By Marty Carlson


Recently somebody had sent me a story about a young man named Alexi Santana. His life story the Princeton University admissions committee had found to be extraordinary.

Santana was in the freshman class of Princeton University in 1989. He had no formal schooling previously, he had spent his childhood on the streets in Utah. Working odd jobs as herding cattle, raising sheep, and he read a lot philosophy. He also was an active runner, and being out on the Mohave Desert he had trained himself to be a distance runner.

Popular on campus, got good grades in every class he took. A bit bashful and with his background gave him enigmatic appeal. Apparently, he never slept on the bed the dorm but on the floor.

As kids we all learned a lie seems a natural thing to do, and many psychologists and experts agree that children become more sophisticated liars as they age.

Santana’s story of background was all a lie. About a year and ½ after he started the college, a woman recognized him as somebody she knew as Jay Huntsman from a high school in Palo Alto, California almost a decade earlier. But apparently Jay Huntsman was not his real name either. Princeton officials eventually learned he was actually James Hogue, a 31-year-old who had served prison time for possession of stolen tools and bike parts. He was arrested at Princeton eventually.

Since that time Hogue is been arrested several times on theft charges. He was caught stealing in Aspen Colorado, as he tried to pass himself off as someone else.

People in this world are very crafty and adept at lying like Hogue is summer criminals to spend lies and we’ve deception to gain undeserved considerations. some are high-priced people who dupe investors out of billions of dollars. Some politicians lie to stay in favor to get votes, as we have recently seen.

The question is do you lie more or less than the average person?

Sometimes people lie to inflate their egos which could be a motivation of just about all politicians and may explain many of Donald Trump’s tweets. People lie to cover up behaviors, many professional athletes have been known to do that. It’s even happen in the science world with some people trying to make a name for themselves undeservedly.

Liars earned notoriety, sometimes because of how bold they are in their claims, which at times can cause more damage to many other people involved. Human behavior it seems has been telling all kinds of lies for many years.

We as a people, seem to lie with ease, whether it starts as a white lie or an outright major lie. We seem to want to lie to the closest to us and to many who may be casual acquaintances in our lives. We seem to be very adept at it. And people’s basic need to trust others many times make us incapable of detecting the lies.

Some people have told so many tall tales they can win awards and trophies at competitions. Those competitions also seem to be very popular.

It seems the ability to maneuver or manipulate others with words is as old as the emergence of the spoken word. It seems as a way to gain power and advantage over others.

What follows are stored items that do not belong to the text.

(* Let $h:[0,\infty)\to[\frac{\beta u_0-1}{r},\frac{\beta u_0}{r}]$ be a decreasing solution to the HJB equation with $h'(0)=0$, and let $z_f\in(0,d]$, $z_g\in[d,\infty)$ be such that $h=\bar f$ on $[0,z_f]$ for some function $\bar f(z)=\frac{\beta u_0}{r}+A_2e^{\theta_1(u_0)z}+B_2e^{-\theta_2(u_0)z}$ and $h=\bar g$ on $(z_g,\infty)$ for some function $\bar g(z)=\frac{\beta u_0-1}{r}+a_2e^{\theta_1(u_0)z}+b_2e^{-\theta_2(u_0)z}$ (as provided by the structure result for such solutions). Then $$\bar f(z)=\frac{\beta u_0}{r}+A_2\Big(e^{\theta_1(u_0)z}+\frac{\theta_1(u_0)}{\theta_2(u_0)}e^{-\theta_2(u_0)z}\Big)\ (z\in[0,z_f]),\qquad \bar g(z)=\frac{\beta u_0-1}{r}+b_2e^{-\theta_2(u_0)z}\ (z>z_g).$$ In particular $\lim_{z\to\infty}h(z)=\frac{\beta u_0-1}{r}$.
   Context: Fix $\mu\in\mathbb R$, $\sigma>0$, $u_0>0$, $r>0$, $\beta>0$, $d>0$. For $u\in[0,u_0]$ let $\theta_1(u)=\frac{\sqrt{(\mu-u)^2+2r\sigma^2}+(\mu-u)}{\sigma^2}$ and $\theta_2(u)=\frac{\sqrt{(\mu-u)^2+2r\sigma^2}-(\mu-u)}{\sigma^2}$. The HJB equation is $$-rh(z)-\mu h'(z)+\tfrac{\sigma^2}{2}h''(z)+\sup_{u\in[0,u_0]}\{(\beta+h'(z))u\}=\mathbf 1_{\{z>d\}}.$$ A solution to the HJB equation is a function $h:[0,\infty)\to[\frac{\beta u_0-1}{r},\frac{\beta u_0}{r}]$ that is continuously differentiable on $[0,\infty)$, twice continuously differentiable on $[0,d]$ and on $(d,\infty)$ respectively (with $h'(0),h''(0)$ the right derivatives and $h''(d)$ the left second derivative), and satisfies the HJB equation for all $z\ge0$. *)

From Stdlib Require Import Reals Lra.
From Coquelicot Require Import Coquelicot.
Open Scope R_scope.

Definition theta1 (mu sigma r u : R) : R :=
  (sqrt ((mu - u)^2 + 2 * r * sigma^2) + (mu - u)) / sigma^2.
Definition theta2 (mu sigma r u : R) : R :=
  (sqrt ((mu - u)^2 + 2 * r * sigma^2) - (mu - u)) / sigma^2.

Definition rderiv (f : R -> R) (z l : R) : Prop :=
  filterlim (fun t => (f (z + t) - f z) / t) (at_right 0) (locally l).
Definition lderiv (f : R -> R) (z l : R) : Prop :=
  filterlim (fun t => (f (z + t) - f z) / t) (at_left 0) (locally l).

Definition cont_within (D : R -> Prop) (f : R -> R) (z : R) : Prop :=
  filterlim f (within D (locally z)) (locally (f z)).

(* h is a solution of the HJB equation, with h1 = h' (right derivative at 0)
   and h2 = h'' (right derivative at 0, left second derivative at d). *)
Definition HJB_solution (mu sigma u0 r beta d : R) (h h1 h2 : R -> R) : Prop :=
  (forall z, 0 <= z -> (beta * u0 - 1) / r <= h z <= beta * u0 / r) /\
  rderiv h 0 (h1 0) /\
  (forall z, 0 < z -> is_derive h z (h1 z)) /\
  (forall z, 0 <= z -> cont_within (fun x => 0 <= x) h1 z) /\
  rderiv h1 0 (h2 0) /\
  (forall z, 0 < z < d -> is_derive h1 z (h2 z)) /\
  lderiv h1 d (h2 d) /\
  (forall z, 0 <= z <= d -> cont_within (fun x => 0 <= x <= d) h2 z) /\
  (forall z, d < z -> is_derive h1 z (h2 z)) /\
  (forall z, d < z -> continuous h2 z) /\
  (forall z, 0 <= z ->
     exists S,
       is_lub (fun y => exists u, 0 <= u <= u0 /\ y = (beta + h1 z) * u) S /\
       - r * h z - mu * h1 z + sigma^2 / 2 * h2 z + S
         = (if Rlt_dec d z then 1 else 0)).

(* Matching the right derivative at 0 of h = f̄ with h'(0) = 0 forces
   A2 θ1 = B2 θ2.  On (z_g, ∞) the solution stays in a band of width 1/r,
   which rules out the exponentially growing mode e^{θ1 z}: hence a2 = 0, and
   h decays to (β u0 - 1)/r at the rate e^{-θ2 z}. *)

From Stdlib Require Import Reals Lra.
From Coquelicot Require Import Coquelicot.
Open Scope R_scope.

Lemma sqrt_sq_add_gt_abs (x c : R) : 0 < c -> Rabs x < sqrt (x ^ 2 + c).
Proof.
  intros Hc. rewrite <- sqrt_Rsqr_abs. apply sqrt_lt_1_alt. split.
  - apply Rle_0_sqr.
  - unfold Rsqr. simpl. lra.
Qed.

Lemma theta1_gt0 (mu sigma r u : R) :
  0 < sigma -> 0 < r -> 0 < theta1 mu sigma r u.
Proof.
  intros Hs Hr. unfold theta1.
  assert (Hs2 : 0 < sigma ^ 2) by (apply pow_lt; lra).
  assert (Hsq := sqrt_sq_add_gt_abs (mu - u) (2 * r * sigma ^ 2) ltac:(nra)).
  pose proof (Rle_abs (- (mu - u))). rewrite Rabs_Ropp in *.
  apply Rdiv_lt_0_compat; lra.
Qed.

Lemma theta2_gt0 (mu sigma r u : R) :
  0 < sigma -> 0 < r -> 0 < theta2 mu sigma r u.
Proof.
  intros Hs Hr. unfold theta2.
  assert (Hs2 : 0 < sigma ^ 2) by (apply pow_lt; lra).
  assert (Hsq := sqrt_sq_add_gt_abs (mu - u) (2 * r * sigma ^ 2) ltac:(nra)).
  pose proof (Rle_abs (mu - u)).
  apply Rdiv_lt_0_compat; lra.
Qed.

Lemma is_derive_rderiv (f : R -> R) (z l : R) : is_derive f z l -> rderiv f z l.
Proof.
  intros Hd%is_derive_Reals. apply filterlim_locally. intros eps.
  destruct (Hd eps (cond_pos eps)) as [del Hdel].
  exists del. intros t Ht Htpos. apply Hdel; [lra|].
  unfold ball in Ht; simpl in Ht; unfold AbsRing_ball, abs, minus, plus, opp in Ht;
    simpl in Ht.
  rewrite Ropp_0, Rplus_0_r in Ht. exact Ht.
Qed.

Lemma rderiv_ext_loc (f g : R -> R) (z l e : R) :
  0 < e -> (forall x, z <= x <= z + e -> f x = g x) ->
  rderiv f z l -> rderiv g z l.
Proof.
  intros He Hfg. apply filterlim_ext_loc.
  exists (mkposreal e He). intros t Ht Htpos.
  unfold ball in Ht; simpl in Ht; unfold AbsRing_ball, abs, minus, plus, opp in Ht;
    simpl in Ht.
  rewrite Ropp_0, Rplus_0_r, Rabs_right in Ht by lra.
  rewrite !Hfg by lra. reflexivity.
Qed.

Lemma rderiv_unique (f : R -> R) (z l l' : R) :
  rderiv f z l -> rderiv f z l' -> l = l'.
Proof.
  apply (@filterlim_locally_unique R R_AbsRing R_NormedModule (at_right 0)).
  apply Proper_StrongProper, at_right_proper_filter.
Qed.

Lemma exp_unbounded (t z0 K : R) : 0 < t -> exists z, z0 < z /\ K < exp (t * z).
Proof.
  intros Ht. exists (Rmax z0 0 + 1 + Rabs K / t). split.
  - pose proof (Rmax_l z0 0).
    assert (0 <= Rabs K / t) by (apply Rdiv_le_0_compat; [apply Rabs_pos | lra]).
    lra.
  - pose proof (exp_ineq1_le (t * (Rmax z0 0 + 1 + Rabs K / t))).
    replace (t * (Rmax z0 0 + 1 + Rabs K / t))
      with (t * (Rmax z0 0 + 1) + Rabs K) in * by (field; lra).
    pose proof (Rmax_r z0 0). pose proof (Rle_abs K).
    assert (0 < t * (Rmax z0 0 + 1)) by (apply Rmult_lt_0_compat; lra).
    lra.
Qed.

Lemma exp_modes_bounded_growth_coef0 (a b t1 t2 z0 M : R) :
  0 < t1 -> 0 < t2 ->
  (forall z, z0 < z -> Rabs (a * exp (t1 * z) + b * exp (- t2 * z)) <= M) ->
  a = 0.
Proof.
  intros Ht1 Ht2 Hbound.
  destruct (Req_dec a 0) as [Ha | Ha]; [exact Ha | exfalso].
  assert (Hpa := Rabs_pos_lt a Ha).
  destruct (exp_unbounded t1 (Rmax z0 0) ((M + Rabs b) / Rabs a) Ht1)
    as [z [Hz Hexp]].
  pose proof (Rmax_l z0 0). pose proof (Rmax_r z0 0).
  assert (Hdecay : Rabs (b * exp (- t2 * z)) <= Rabs b).
  { rewrite Rabs_mult, (Rabs_right (exp _)) by (left; apply exp_pos).
    rewrite <- Rmult_1_r. apply Rmult_le_compat_l; [apply Rabs_pos |].
    rewrite <- exp_0. left. apply exp_increasing.
    assert (0 < t2 * z) by (apply Rmult_lt_0_compat; lra). lra. }
  assert (Hgrowth : Rabs a * exp (t1 * z) <= M + Rabs b).
  { rewrite <- (Rabs_right (exp (t1 * z))), <- Rabs_mult by (left; apply exp_pos).
    replace (a * exp (t1 * z))
      with (a * exp (t1 * z) + b * exp (- t2 * z) - b * exp (- t2 * z)) by ring.
    eapply Rle_trans; [apply Rabs_triang |]. rewrite Rabs_Ropp.
    apply Rplus_le_compat; [apply Hbound; lra | exact Hdecay]. }
  apply (Rmult_lt_compat_l (Rabs a)) in Hexp; [| exact Hpa].
  replace (Rabs a * ((M + Rabs b) / Rabs a)) with (M + Rabs b) in Hexp
    by (field; lra).
  lra.
Qed.

Lemma is_lim_exp_decay (c b t : R) :
  0 < t -> is_lim (fun z => c + b * exp (- t * z)) p_infty c.
Proof.
  intros Ht.
  replace (Finite c) with (Finite (c + b * 0)) by (f_equal; ring).
  apply is_lim_plus'; [apply is_lim_const |].
  change (Finite (b * 0)) with (Rbar_mult b 0).
  apply is_lim_scal_l.
  apply is_lim_comp with m_infty.
  - apply is_lim_exp_m.
  - replace m_infty with (Rbar_mult (- t) p_infty).
    + apply is_lim_scal_l, is_lim_id.
    + rewrite Rbar_mult_comm. simpl.
      case Rle_dec; [intros Hle; exfalso; clear - Ht Hle; lra | reflexivity].
  - exists 0. intros. discriminate.
Qed.

Theorem lemma2p4 (mu sigma u0 r beta d : R)
  (Hsigma : 0 < sigma) (Hu0 : 0 < u0) (Hr : 0 < r) (Hbeta : 0 < beta) (Hd : 0 < d)
  (h h1 h2 : R -> R)
  (Hsol : HJB_solution mu sigma u0 r beta d h h1 h2)
  (Hdec : forall x y, 0 <= x -> x <= y -> h y <= h x)
  (Hh0 : h1 0 = 0)
  (zf zg A2 B2 a2 b2 : R)
  (Hzf : 0 < zf <= d) (Hzg : d <= zg)
  (Hf : forall z, 0 <= z <= zf ->
     h z = beta * u0 / r + A2 * exp (theta1 mu sigma r u0 * z)
                         + B2 * exp (- theta2 mu sigma r u0 * z))
  (Hg : forall z, zg < z ->
     h z = (beta * u0 - 1) / r + a2 * exp (theta1 mu sigma r u0 * z)
                               + b2 * exp (- theta2 mu sigma r u0 * z)) :
  (forall z, 0 <= z <= zf ->
     beta * u0 / r + A2 * exp (theta1 mu sigma r u0 * z)
                   + B2 * exp (- theta2 mu sigma r u0 * z)
     = beta * u0 / r + A2 * (exp (theta1 mu sigma r u0 * z)
          + theta1 mu sigma r u0 / theta2 mu sigma r u0
            * exp (- theta2 mu sigma r u0 * z))) /\
  (forall z, zg < z ->
     (beta * u0 - 1) / r + a2 * exp (theta1 mu sigma r u0 * z)
                         + b2 * exp (- theta2 mu sigma r u0 * z)
     = (beta * u0 - 1) / r + b2 * exp (- theta2 mu sigma r u0 * z)) /\
  is_lim h p_infty ((beta * u0 - 1) / r).
Proof.
  pose proof (theta1_gt0 mu sigma r u0 Hsigma Hr) as Ht1.
  pose proof (theta2_gt0 mu sigma r u0 Hsigma Hr) as Ht2.
  set (t1 := theta1 mu sigma r u0) in *.
  set (t2 := theta2 mu sigma r u0) in *.
  destruct Hsol as [Hrange [Hrd _]]. rewrite Hh0 in Hrd.
  assert (Hslope : A2 * t1 - B2 * t2 = 0).
  { apply (rderiv_unique
      (fun z => beta * u0 / r + A2 * exp (t1 * z) + B2 * exp (- t2 * z)) 0).
    - apply is_derive_rderiv. auto_derive; [exact I |].
      rewrite !Rmult_0_r, exp_0. ring.
    - apply (rderiv_ext_loc h _ 0 0 zf); [lra | | exact Hrd].
      intros x Hx. apply Hf. lra. }
  assert (Ha2 : a2 = 0).
  { apply (exp_modes_bounded_growth_coef0 a2 b2 t1 t2 zg (1 / r) Ht1 Ht2).
    intros z Hz. specialize (Hrange z ltac:(lra)). rewrite Hg in Hrange by exact Hz.
    assert (beta * u0 / r = (beta * u0 - 1) / r + 1 / r) by (field; lra).
    apply Rabs_le. lra. }
  split; [| split].
  - intros z _. replace B2 with (A2 * t1 / t2) by (field_simplify_eq; lra).
    field. lra.
  - intros z _. rewrite Ha2. ring.
  - apply is_lim_ext_loc with (fun z => (beta * u0 - 1) / r + b2 * exp (- t2 * z)).
    + exists zg. intros z Hz. rewrite Hg, Ha2 by exact Hz. ring.
    + exact (is_lim_exp_decay _ b2 t2 Ht2).
Qed.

Many professionals have looked for answers through research, to the root of the behaviors. How is the lie learned, or is it learned behavior, what is the mental health aspects of dishonesty, and where do most of us draw the line? And apparently, we as a people are too willing to believe many lies even when there is clear and convincing evidence of the opposite. It seems that it’s our natural faith in human nature. In the onset of social media has penetrated those beliefs and faiths even deeper. Many experts feel we are unable anymore to separate the facts from the lies and society is facing a real threat.

Some people feel that the truth comes naturally, and lying takes an effort and a sharp flexible mind. Some feel it’s part of growing up. Children at very young ages lie the most when they want to test their parents. There are many statistics on how many lies the average tells a day, and it seems to be numerous. Sometimes we do it to be kind, sometimes not.

There are many volumes of research on the subject, and the short Google search came up with some interesting information that I’m not going to put out now but would he be interesting for someone that wanted to look it up.

So, what is the best way to fine-tune your bullshit alarm? That would be a personal decision made on each individual’s part and my only statement to that is follow your instincts, and don’t be willing to accept anything anybody says in its entirety as you must use what I call a filter process and work through it. There is always a basic amount of truth there you should decide how much or little there is. Technology has opened up entirely new areas for bad guys and smooth talkers and it leads us to do we tell the truth and how much do we actually trust ourselves.